Struggling with the "Umbral Algebra"

Question

I am reading a lot of papers and material that deal with "Umbral Calculus" and "Umbral Algebra" and am finding myself very confused and am hoping I can get a little more clarity. For those willing to help i should let you know that most, if not all, the material i will be referencing comes from a publication by Steven Roman and Gian-Carlo Rota called "The Umbral Calculus". Section three deals with "The Umbral Algebra"

Let $P$ be a commutative algebra of all polynomials in a single variable $x$ with coefficients in a field $K$ of characteristic zero and let $P^*$ be the vector space of all linear functionals on $P$. Denote the action of a linear functional on a polynomial by

$$\langle L\mid p(x)\rangle$$

From here $P^*$ is made into an algebra by allowing the product of two linear functionals $L$ and $M$ to be defined as

$$\langle LM\mid x^n\rangle=\sum_{k=0}^n\binom{n}{k}\langle L \mid x^k\rangle \langle M\mid x^{n-k}\rangle$$

Now that the product is defined, it is mentioned that this umbral algebra is related to the algebra of real functions under convolution. Let $f$ and $g$ be functions such that

$$\int_{-\infty}^\infty f(x)x^n dx \text{ and }\int_{-\infty}^\infty g(x)x^n dx$$

are defined for all integers $n\ge 0$. This is where I get confused pretty hardcore. The paper now defines linear functionals $L_f$ and $L_g$ by

$$\langle L_f \mid p(x)\rangle=\int_{-\infty}^{\infty}f(x)p(x)dx$$ $$\langle L_g \mid p(x)\rangle=\int_{-\infty}^{\infty}g(x)p(x)dx$$

Then it states the product $L_fL_g$ is the linear functional

$$\langle L_f L_g \mid p(x)\rangle=\int_{-\infty}^{\infty}h(x)p(x)dx$$

where

$$h(x)=\int_{-\infty}^{infty}f(t)g(x-t)dt$$

Here is my first question: Under the assumption that $\langle L\mid p(x)\rangle$ was defined as "the action of a linear functional on a polynomial", is it also true that the action of a linear functional on a polynomial is itself a linear functional? This would seem true by definition alone, but verification helps.

Here is my second question: obviously $p(x)=x^n$ is a polynomial in $x$ How was it determined that convolution was the necessary definition of product that allowed this algebra to be defined? The paper makes it seem obvious but I am one that has struggled with the dual space. My major confusion comes from the definition of an action. Is it true the action of a linear functional on a polynomial is itself a linear functional? If so, why name it differenlty? Why call it "the action"?

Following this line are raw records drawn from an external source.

(* Let $M\ge1$ and let $x_{1:\infty}$ be an $M$-bounded displacement enumeration with respect to a language $K$, with arbitrary noise rate and possibly omissions. Then for any language $L\subseteq K$, $$\mu_{\rm low}(L,K)\ge\frac1M\liminf_{n\to\infty}\frac{|L\cap\{x_1,\dots,x_n\}|}{n},\qquad \mu_{\rm up}(L,K)\ge\frac1M\limsup_{n\to\infty}\frac{|L\cap\{x_1,\dots,x_n\}|}{n}.$$
   Context: The universe is $U=\mathbb{N}$ with its natural order; a language is an infinite subset of $U$, with canonical enumeration $\ell_1<\ell_2<\cdots$. For $A,B\subseteq\mathbb{N}$ with $B=\{b_1<b_2<\cdots\}$, $\mu_{\rm up}(A,B)=\limsup_n\frac1n|A\cap\{b_1,\dots,b_n\}|$ and $\mu_{\rm low}(A,B)=\liminf_n\frac1n|A\cap\{b_1,\dots,b_n\}|$. For $x\in U$, $\sigma(x,L)=j$ if $x=\ell_j$ and $0$ if $x\notin L$. A sequence $x_1,x_2,\dots$ of distinct elements of $U$ is an $M$-bounded displacement enumeration with respect to $L$ if there is $n^\star$ with $\sigma(x_n,L)\le Mn$ for all $n\ge n^\star$. *)

From Stdlib Require Import Reals Lra Lia Arith List ClassicalEpsilon.
From Coquelicot Require Import Coquelicot.
Open Scope R_scope.

(* Subsets of U = nat are boolean predicates. *)
Definition language (A : nat -> bool) : Prop :=
  forall n : nat, exists m : nat, (n <= m)%nat /\ A m = true.

Definition subset (A B : nat -> bool) : Prop :=
  forall x, A x = true -> B x = true.

Definition count1 (f : nat -> bool) (n : nat) : nat :=
  length (filter f (seq 1 n)).

(* sigma(x, B) = j if x = b_j (1-indexed canonical enumeration), 0 if x notin B *)
Definition sigma (x : nat) (B : nat -> bool) : nat :=
  if B x then S (length (filter B (seq 0 x))) else 0%nat.

(* b_j : the j-th element (j >= 1) of B in increasing order *)
Definition enum_el (B : nat -> bool) (j : nat) : nat :=
  epsilon (inhabits 0%nat) (fun x => B x = true /\ sigma x B = j).

Definition cnt_in_prefix (A B : nat -> bool) (n : nat) : nat :=
  count1 (fun j => A (enum_el B j)) n.

Definition ratio_seq (A B : nat -> bool) : nat -> R :=
  fun n => INR (cnt_in_prefix A B n) / INR n.

Definition mu_up (A B : nat -> bool) : Rbar := LimSup_seq (ratio_seq A B).
Definition mu_low (A B : nat -> bool) : Rbar := LimInf_seq (ratio_seq A B).

(* Enumerations x_1, x_2, ... are functions nat -> nat; index 0 is ignored. *)
Definition distinct_enum (x : nat -> nat) : Prop :=
  forall i j, (1 <= i)%nat -> (1 <= j)%nat -> x i = x j -> i = j.

Definition bounded_displacement (M : R) (x : nat -> nat) (L : nat -> bool) : Prop :=
  distinct_enum x /\
  exists nstar : nat, forall n : nat, (nstar <= n)%nat -> (1 <= n)%nat ->
    INR (sigma (x n) L) <= M * INR n.

Definition enum_ratio (L : nat -> bool) (x : nat -> nat) : nat -> R :=
  fun n => INR (count1 (fun i => L (x i)) n) / INR n.

(* Write k_1 < k_2 < ... for the elements of K.  If M n <= m, every x_i in L with
   n* <= i <= n has sigma (x i) K <= M i <= m, and sigma is injective on K, so
   |L ∩ {x_1..x_n}| <= |L ∩ {k_1..k_m}| + n*.  Pairing each n with some m in [M n, M n + M]
   (and each m with such an n) turns this into a_n / M - O(1/m) <= b_m for the densities
   a_n = |L ∩ {x_1..x_n}| / n and b_m = |L ∩ {k_1..k_m}| / m, which passes to lim inf and
   lim sup. *)
From Pilot Require Import Defs.
From Stdlib Require Import Reals Lra Lia List ClassicalEpsilon Bool.
From Coquelicot Require Import Coquelicot.
Open Scope R_scope.

Lemma length_filter_le_or {A : Type} (f g h : A -> bool) (l : list A) :
  (forall a, f a = true -> g a = true \/ h a = true) ->
  (length (filter f l) <= length (filter g l) + length (filter h l))%nat.
Proof.
  intros Hfgh. induction l as [|a l IH]; simpl; [lia|].
  destruct (f a) eqn:Ef, (g a) eqn:Eg, (h a) eqn:Eh; simpl; try lia.
  destruct (Hfgh a Ef); congruence.
Qed.

Lemma count1_le (f : nat -> bool) (n : nat) : (count1 f n <= n)%nat.
Proof.
  unfold count1. rewrite <- (length_seq n 1) at 2. apply filter_length_le.
Qed.

Lemma count1_le_tail (f : nat -> bool) (n s : nat) :
  (count1 f n <= count1 (fun i => (s <=? i)%nat && f i) n + s)%nat.
Proof.
  unfold count1.
  eapply Nat.le_trans.
  { apply (length_filter_le_or _ (fun i => (s <=? i)%nat && f i) (fun i => (i <? s)%nat)).
    intros i Hi. rewrite Hi, andb_true_r.
    destruct (Nat.leb_spec s i); [left | right; apply Nat.ltb_lt]; auto. }
  apply Nat.add_le_mono_l.
  transitivity (length (seq 0 s)); [|now rewrite length_seq].
  apply NoDup_incl_length.
  - apply NoDup_filter, seq_NoDup.
  - intros i Hi. apply filter_In in Hi as [_ Hi]. apply Nat.ltb_lt in Hi.
    apply in_seq. lia.
Qed.

Lemma count1_le_injective (f g : nat -> bool) (phi : nat -> nat) (n m : nat) :
  (forall i, (1 <= i <= n)%nat -> f i = true -> (1 <= phi i <= m)%nat /\ g (phi i) = true) ->
  (forall i j, (1 <= i <= n)%nat -> (1 <= j <= n)%nat -> f i = true -> f j = true ->
     phi i = phi j -> i = j) ->
  (count1 f n <= count1 g m)%nat.
Proof.
  intros Hmaps Hinj. unfold count1. rewrite <- (length_map phi).
  apply NoDup_incl_length.
  - apply NoDup_map_NoDup_ForallPairs; [|apply NoDup_filter, seq_NoDup].
    intros i j Hi Hj. apply filter_In in Hi as [Hi Hfi], Hj as [Hj Hfj].
    apply in_seq in Hi, Hj. apply Hinj; auto; lia.
  - intros k Hk. apply in_map_iff in Hk as [i [<- Hi]].
    apply filter_In in Hi as [Hi Hfi]. apply in_seq in Hi.
    destruct (Hmaps i ltac:(lia) Hfi) as [Hrange Hg].
    apply filter_In. split; [apply in_seq; lia | exact Hg].
Qed.

(* [sigma] is qualified as [Defs.sigma] because Reals also exports a [sigma]. *)
Lemma sigma_injective (K : nat -> bool) (y z : nat) :
  K y = true -> K z = true -> Defs.sigma y K = Defs.sigma z K -> y = z.
Proof.
  assert (Hlt : forall u v, (u < v)%nat -> K u = true ->
            (S (length (filter K (seq 0 u))) <= length (filter K (seq 0 v)))%nat).
  { intros u v Huv Ku. replace v with (u + S (v - u - 1))%nat by lia.
    rewrite seq_app, filter_app, length_app. simpl. rewrite Ku. simpl. lia. }
  unfold Defs.sigma. intros Ky Kz. rewrite Ky, Kz. intros E.
  destruct (Nat.lt_trichotomy y z) as [H|[H|H]]; auto.
  - specialize (Hlt y z H Ky). lia.
  - specialize (Hlt z y H Kz). lia.
Qed.

Lemma enum_el_sigma (K : nat -> bool) (y : nat) :
  K y = true -> enum_el K (Defs.sigma y K) = y.
Proof.
  intros Ky. unfold enum_el.
  destruct (epsilon_spec (inhabits 0%nat)
              (fun z => K z = true /\ Defs.sigma z K = Defs.sigma y K)) as [Kz E].
  { exists y. auto. }
  apply (sigma_injective K); auto.
Qed.

Lemma count_enum_le_prefix (x : nat -> nat) (K L : nat -> bool) (s n m : nat) :
  subset L K -> distinct_enum x ->
  (forall i, (s <= i)%nat -> (1 <= i <= n)%nat -> (Defs.sigma (x i) K <= m)%nat) ->
  (count1 (fun i => L (x i)) n <= cnt_in_prefix L K m + s)%nat.
Proof.
  intros HLK Hx Hsigma.
  eapply Nat.le_trans; [apply (count1_le_tail _ _ s)|].
  apply Nat.add_le_mono_r, (count1_le_injective _ _ (fun i => Defs.sigma (x i) K)).
  - intros i Hi Hfi. apply andb_true_iff in Hfi as [Hsi Lxi].
    apply Nat.leb_le in Hsi.
    assert (Kxi : K (x i) = true) by auto.
    split; [|rewrite enum_el_sigma; auto].
    split; [unfold Defs.sigma; rewrite Kxi; lia | auto].
  - intros i j Hi Hj Hfi Hfj E.
    apply andb_true_iff in Hfi as [_ Lxi], Hfj as [_ Lxj].
    apply Hx; try lia. apply (sigma_injective K); auto.
Qed.

Lemma displacement_count_bound (M : R) (x : nat -> nat) (K L : nat -> bool) :
  0 <= M -> subset L K -> bounded_displacement M x K ->
  exists s : nat, forall n m : nat, M * INR n <= INR m ->
    INR (count1 (fun i => L (x i)) n) <= INR (cnt_in_prefix L K m) + INR s.
Proof.
  intros HM HLK [Hx [s Hs]]. exists s. intros n m Hnm.
  rewrite <- plus_INR. apply le_INR, count_enum_le_prefix; auto.
  intros i Hsi Hi. apply INR_le.
  assert (M * INR i <= M * INR n) by (apply Rmult_le_compat_l; [lra | apply le_INR; lia]).
  specialize (Hs i Hsi ltac:(lia)). lra.
Qed.

Lemma Rbar_le_of_forall_lt (x : R) (y : Rbar) :
  (forall r, r < x -> Rbar_le r y) -> Rbar_le x y.
Proof.
  intros H. destruct y as [y| |]; simpl; auto.
  - destruct (Rle_or_lt x y) as [Hxy|Hyx]; auto.
    specialize (H ((x + y) / 2) ltac:(lra)). simpl in H. lra.
  - exact (H (x - 1) ltac:(lra)).
Qed.

Lemma LimInf_seq_ge_eventually (u : nat -> R) (r : R) :
  eventually (fun n => r <= u n) -> Rbar_le r (LimInf_seq u).
Proof.
  intros Hev. rewrite <- (LimInf_seq_const r). exact (LimInf_le _ _ Hev).
Qed.

Lemma LimSup_seq_ge_frequently (u : nat -> R) (r : R) :
  (forall N, exists n, (N <= n)%nat /\ r <= u n) -> Rbar_le r (LimSup_seq u).
Proof.
  intros Hfreq. destruct (ex_LimSup_seq u) as [l Hl].
  rewrite (is_LimSup_seq_unique _ _ Hl).
  destruct l as [l| |]; simpl in *; auto.
  - destruct (Rle_or_lt r l) as [Hrl|Hlr]; auto.
    destruct (Hl (mkposreal (r - l) ltac:(lra))) as [_ [N HN]]; simpl in HN.
    destruct (Hfreq N) as [n [Hn Hrn]]. specialize (HN n Hn). lra.
  - destruct (Hl r) as [N HN]. destruct (Hfreq N) as [n [Hn Hrn]].
    specialize (HN n Hn). lra.
Qed.

Lemma LimInf_LimSup_seq_unit (u : nat -> R) : (forall n, 0 <= u n <= 1) ->
  Rbar_le 0 (LimInf_seq u) /\ Rbar_le (LimSup_seq u) 1.
Proof.
  intros Hu. rewrite <- (LimInf_seq_const 0), <- (LimSup_seq_const 1).
  split; [apply LimInf_le | apply LimSup_le]; exists 0%nat; intros n _; apply Hu.
Qed.

Lemma is_LimInf_seq_unit (u : nat -> R) : (forall n, 0 <= u n <= 1) ->
  exists l : R, is_LimInf_seq u l.
Proof.
  intros Hu. destruct (LimInf_LimSup_seq_unit u Hu) as [H0 H1].
  pose proof (LimSup_LimInf_seq_le u) as Hle.
  destruct (ex_LimInf_seq u) as [l Hl]. rewrite (is_LimInf_seq_unique _ _ Hl) in *.
  destruct l as [l| |], (LimSup_seq u); simpl in *; try tauto. eauto.
Qed.

Lemma is_LimSup_seq_unit (u : nat -> R) : (forall n, 0 <= u n <= 1) ->
  exists l : R, is_LimSup_seq u l.
Proof.
  intros Hu. destruct (LimInf_LimSup_seq_unit u Hu) as [H0 H1].
  pose proof (LimSup_LimInf_seq_le u) as Hle.
  destruct (ex_LimSup_seq u) as [l Hl]. rewrite (is_LimSup_seq_unique _ _ Hl) in *.
  destruct l as [l| |], (LimInf_seq u); simpl in *; try tauto. eauto.
Qed.

Lemma eventually_div_INR_lt (r eps : R) : 0 < eps ->
  exists N, forall m, (N <= m)%nat -> r / INR m < eps.
Proof.
  intros Heps. destruct (INR_unbounded (r / eps)) as [N HN].
  exists (S N). intros m Hm.
  assert (HNm : INR N < INR m) by (apply lt_INR; lia).
  assert (0 < INR m) by (pose proof (pos_INR N); lra).
  apply Rlt_div_l; auto.
  apply Rlt_div_l in HN; auto. nra.
Qed.

Definition ratio (c : nat -> nat) (n : nat) : R := INR (c n) / INR n.

Lemma ratio_bounds (c : nat -> nat) (n : nat) : (c n <= n)%nat -> 0 <= ratio c n <= 1.
Proof.
  intros Hc. unfold ratio. destruct n as [|n].
  - simpl. rewrite Rdiv_0_r. lra.
  - apply le_INR in Hc. pose proof (pos_INR (c (S n))).
    assert (0 < INR (S n)) by (apply lt_0_INR; lia).
    split; [apply Rdiv_le_0_compat | apply Rle_div_l]; lra.
Qed.

Section RatioComparison.

Variables (c d : nat -> nat) (M s : R).
Hypothesis M_ge1 : 1 <= M.
Hypothesis c_le : forall n, (c n <= n)%nat.
Hypothesis c_le_d : forall n m, M * INR n <= INR m -> INR (c n) <= INR (d m) + s.

Lemma partner_below (m : nat) : exists n, M * INR n <= INR m <= M * INR n + M.
Proof.
  assert (Hm : 0 <= INR m / M) by (apply Rdiv_le_0_compat; [apply pos_INR | lra]).
  destruct (nfloor_ex _ Hm) as [n Hn]. exists n.
  assert (HmM : M * (INR m / M) = INR m) by (field; lra).
  split; nra.
Qed.

Lemma partner_above (n : nat) :
  exists m, (n <= m)%nat /\ M * INR n <= INR m <= M * INR n + M.
Proof.
  assert (Hn : 0 <= M * INR n) by (pose proof (pos_INR n); nra).
  destruct (nfloor_ex _ Hn) as [k Hk]. exists (S k). rewrite S_INR.
  split; [|lra].
  apply INR_le. rewrite S_INR. pose proof (pos_INR n). nra.
Qed.

Lemma ratio_transfer (l : R) (n m : nat) : (1 <= n)%nat ->
  M * INR n <= INR m <= M * INR n + M -> l <= ratio c n ->
  l / M - (1 + s) / INR m <= ratio d m.
Proof.
  intros Hn [Hlo Hhi] Hl.
  assert (Hn1 : 1 <= INR n) by (apply (le_INR 1); exact Hn).
  assert (Hm : 0 < INR m) by nra.
  assert (Hc1 := proj2 (ratio_bounds c n (c_le n))).
  assert (Hcn : INR n * ratio c n = INR (c n)) by (unfold ratio; field; lra).
  assert (Hdm : INR m * ratio d m = INR (d m)) by (unfold ratio; field; lra).
  assert (Hs : INR m * ((1 + s) / INR m) = 1 + s) by (field; lra).
  assert (HlM : l / M <= ratio c n / M)
    by (apply Rmult_le_compat_r; [apply Rlt_le, Rinv_0_lt_compat; lra | exact Hl]).
  (* [m / M <= n + 1], and [ratio c n <= 1] absorbs the [+ 1]. *)
  assert (Hkey : INR m * (ratio c n / M) <= INR (c n) + 1).
  { assert (HMn : (M * INR n + M) * (ratio c n / M) = INR (c n) + ratio c n)
      by (rewrite <- Hcn; field; lra).
    assert (0 <= ratio c n / M)
      by (apply Rdiv_le_0_compat; [apply (ratio_bounds c n (c_le n)) | lra]).
    nra. }
  pose proof (c_le_d n m Hlo). nra.
Qed.

Lemma liminf_transfer (l eps : R) : 0 < eps ->
  eventually (fun n => l - eps < ratio c n) ->
  eventually (fun m => (l - eps) / M - eps <= ratio d m).
Proof.
  intros Heps [N HN].
  destruct (eventually_div_INR_lt (1 + s) eps Heps) as [N0 HN0].
  destruct (INR_unbounded (M * INR (S (S N)))) as [N1 HN1].
  exists (max N0 N1). intros m Hm.
  destruct (partner_below m) as [n Hnm].
  assert (HNn : (S N <= n)%nat).
  { assert (INR N1 <= INR m) by (apply le_INR; lia).
    assert (Hlt : M * INR (S (S N)) < M * INR (S n)) by (rewrite (S_INR n); lra).
    apply Rmult_lt_reg_l, INR_lt in Hlt; [lia | lra]. }
  pose proof (ratio_transfer (l - eps) n m ltac:(lia) Hnm (Rlt_le _ _ (HN n ltac:(lia)))).
  specialize (HN0 m ltac:(lia)). lra.
Qed.

Lemma limsup_transfer (l eps : R) : 0 < eps ->
  (forall N, exists n, (N <= n)%nat /\ l - eps < ratio c n) ->
  forall N, exists m, (N <= m)%nat /\ (l - eps) / M - eps <= ratio d m.
Proof.
  intros Heps Hfreq N.
  destruct (eventually_div_INR_lt (1 + s) eps Heps) as [N0 HN0].
  destruct (Hfreq (max (max N N0) 1)) as [n [Hn Hcn]].
  destruct (partner_above n) as [m [Hnm Hm]].
  exists m. split; [lia|].
  pose proof (ratio_transfer (l - eps) n m ltac:(lia) Hm (Rlt_le _ _ Hcn)).
  specialize (HN0 m ltac:(lia)). lra.
Qed.

Lemma exists_eps_margin (l r : R) : r < / M * l ->
  exists eps, 0 < eps /\ r <= (l - eps) / M - eps.
Proof.
  intros Hr. exists ((/ M * l - r) / 2). split; [lra|].
  assert (HM : 0 < / M <= 1)
    by (split; [apply Rinv_0_lt_compat | rewrite <- Rinv_1; apply Rinv_le_contravar]; lra).
  unfold Rdiv at 1. nra.
Qed.

Lemma LimInf_ratio_le :
  Rbar_le (Rbar_mult (/ M) (LimInf_seq (ratio c))) (LimInf_seq (ratio d)).
Proof.
  destruct (is_LimInf_seq_unit (ratio c) (fun n => ratio_bounds c n (c_le n))) as [l Hl].
  rewrite (is_LimInf_seq_unique _ _ Hl). simpl.
  apply Rbar_le_of_forall_lt. intros r Hr.
  destruct (exists_eps_margin l r Hr) as [eps [Heps Hr_eps]].
  destruct (Hl (mkposreal eps Heps)) as [_ Hev].
  eapply Rbar_le_trans; [|apply LimInf_seq_ge_eventually, (liminf_transfer l eps Heps Hev)].
  exact Hr_eps.
Qed.

Lemma LimSup_ratio_le :
  Rbar_le (Rbar_mult (/ M) (LimSup_seq (ratio c))) (LimSup_seq (ratio d)).
Proof.
  destruct (is_LimSup_seq_unit (ratio c) (fun n => ratio_bounds c n (c_le n))) as [l Hl].
  rewrite (is_LimSup_seq_unique _ _ Hl). simpl.
  apply Rbar_le_of_forall_lt. intros r Hr.
  destruct (exists_eps_margin l r Hr) as [eps [Heps Hr_eps]].
  destruct (Hl (mkposreal eps Heps)) as [Hfreq _].
  eapply Rbar_le_trans; [|apply LimSup_seq_ge_frequently, (limsup_transfer l eps Heps Hfreq)].
  exact Hr_eps.
Qed.

End RatioComparison.

Theorem lemma7p6 (M : R) (x : nat -> nat) (K L : nat -> bool) :
  1 <= M ->
  language K -> language L -> subset L K ->
  bounded_displacement M x K ->
  Rbar_le (Rbar_mult (Finite (/ M)) (LimInf_seq (enum_ratio L x))) (mu_low L K) /\
  Rbar_le (Rbar_mult (Finite (/ M)) (LimSup_seq (enum_ratio L x))) (mu_up L K).
Proof.
  intros HM _ _ HLK Hx.
  destruct (displacement_count_bound M x K L ltac:(lra) HLK Hx) as [s Hs].
  split.
  - exact (LimInf_ratio_le _ (cnt_in_prefix L K) M (INR s) HM (count1_le _) Hs).
  - exact (LimSup_ratio_le _ (cnt_in_prefix L K) M (INR s) HM (count1_le _) Hs).
Qed.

Finally, as a comment, i have struggled with the concepts of abstract algebra and am aware of the topic of group actions. Are these topics related and can the reader point me in a direction of books/papers that makes these ideas more obvious?

Answer 1

I don't really understand your questions but I can try and clarify what is going on. The polynomials $P = K[x]$ form a commutative algebra and a vector space over $K$ whose basis is given by the monomials $(x^i)_{i=0}^{\infty}$. The elements in the dual space $P^{*}$ are linear functionals $L \colon K[x] \rightarrow K$ and so they "eat" polynomials and return scalars in a linear way. Instead of writing $L(p)$ for the result of applying $L$ to the polynomial $p \in K[x]$, your text uses the notation

$$ \left< L \, | \, p(x) \right> = L(p(x)) $$

and reasonably calls it "the action" of $L$ on $p$. Since $L$ is linear, it is uniquely determine by its action on the basis elements $x^i$ of $P$ and so given two linear functionals $L,M$ one can define a new linear functional $LM$ implicitly by requiring that

$$ (LM)(x^n) = \sum_{k=0}^n {n \choose k} L \left(x^k \right) M \left( x^{n-k} \right). $$

Now, assume $K = \mathbb{R}$. Given $f \colon \mathbb{R} \rightarrow \mathbb{R}$, we can try and define a linear functional $L_f$ on $P$ by setting

$$ (L_f)(p) := \int_{-\infty}^{\infty} f(x) p(x) \, dx.$$

For this to be well-defined, we will need to make sure that the integral on the right exists for all polynomials $p \in P$. Now, given $f,g$ for which $L_{f},L_{g}$ is well-defined, we can ask whether the multiplication $L_{f}L_{g}$ is of the form $L_{h}$ for some $h \colon \mathbb{R} \rightarrow \mathbb{R}$. It turns out that $M_{f}M_{g} = M_{f \star g}$ when $f \star g$ is the convolution of $f$ and $g$ (assuming it exists). This relates the product of the linear functionals $M_f,M_g$ with the product of the functions $f,g$ in the sense of convolution.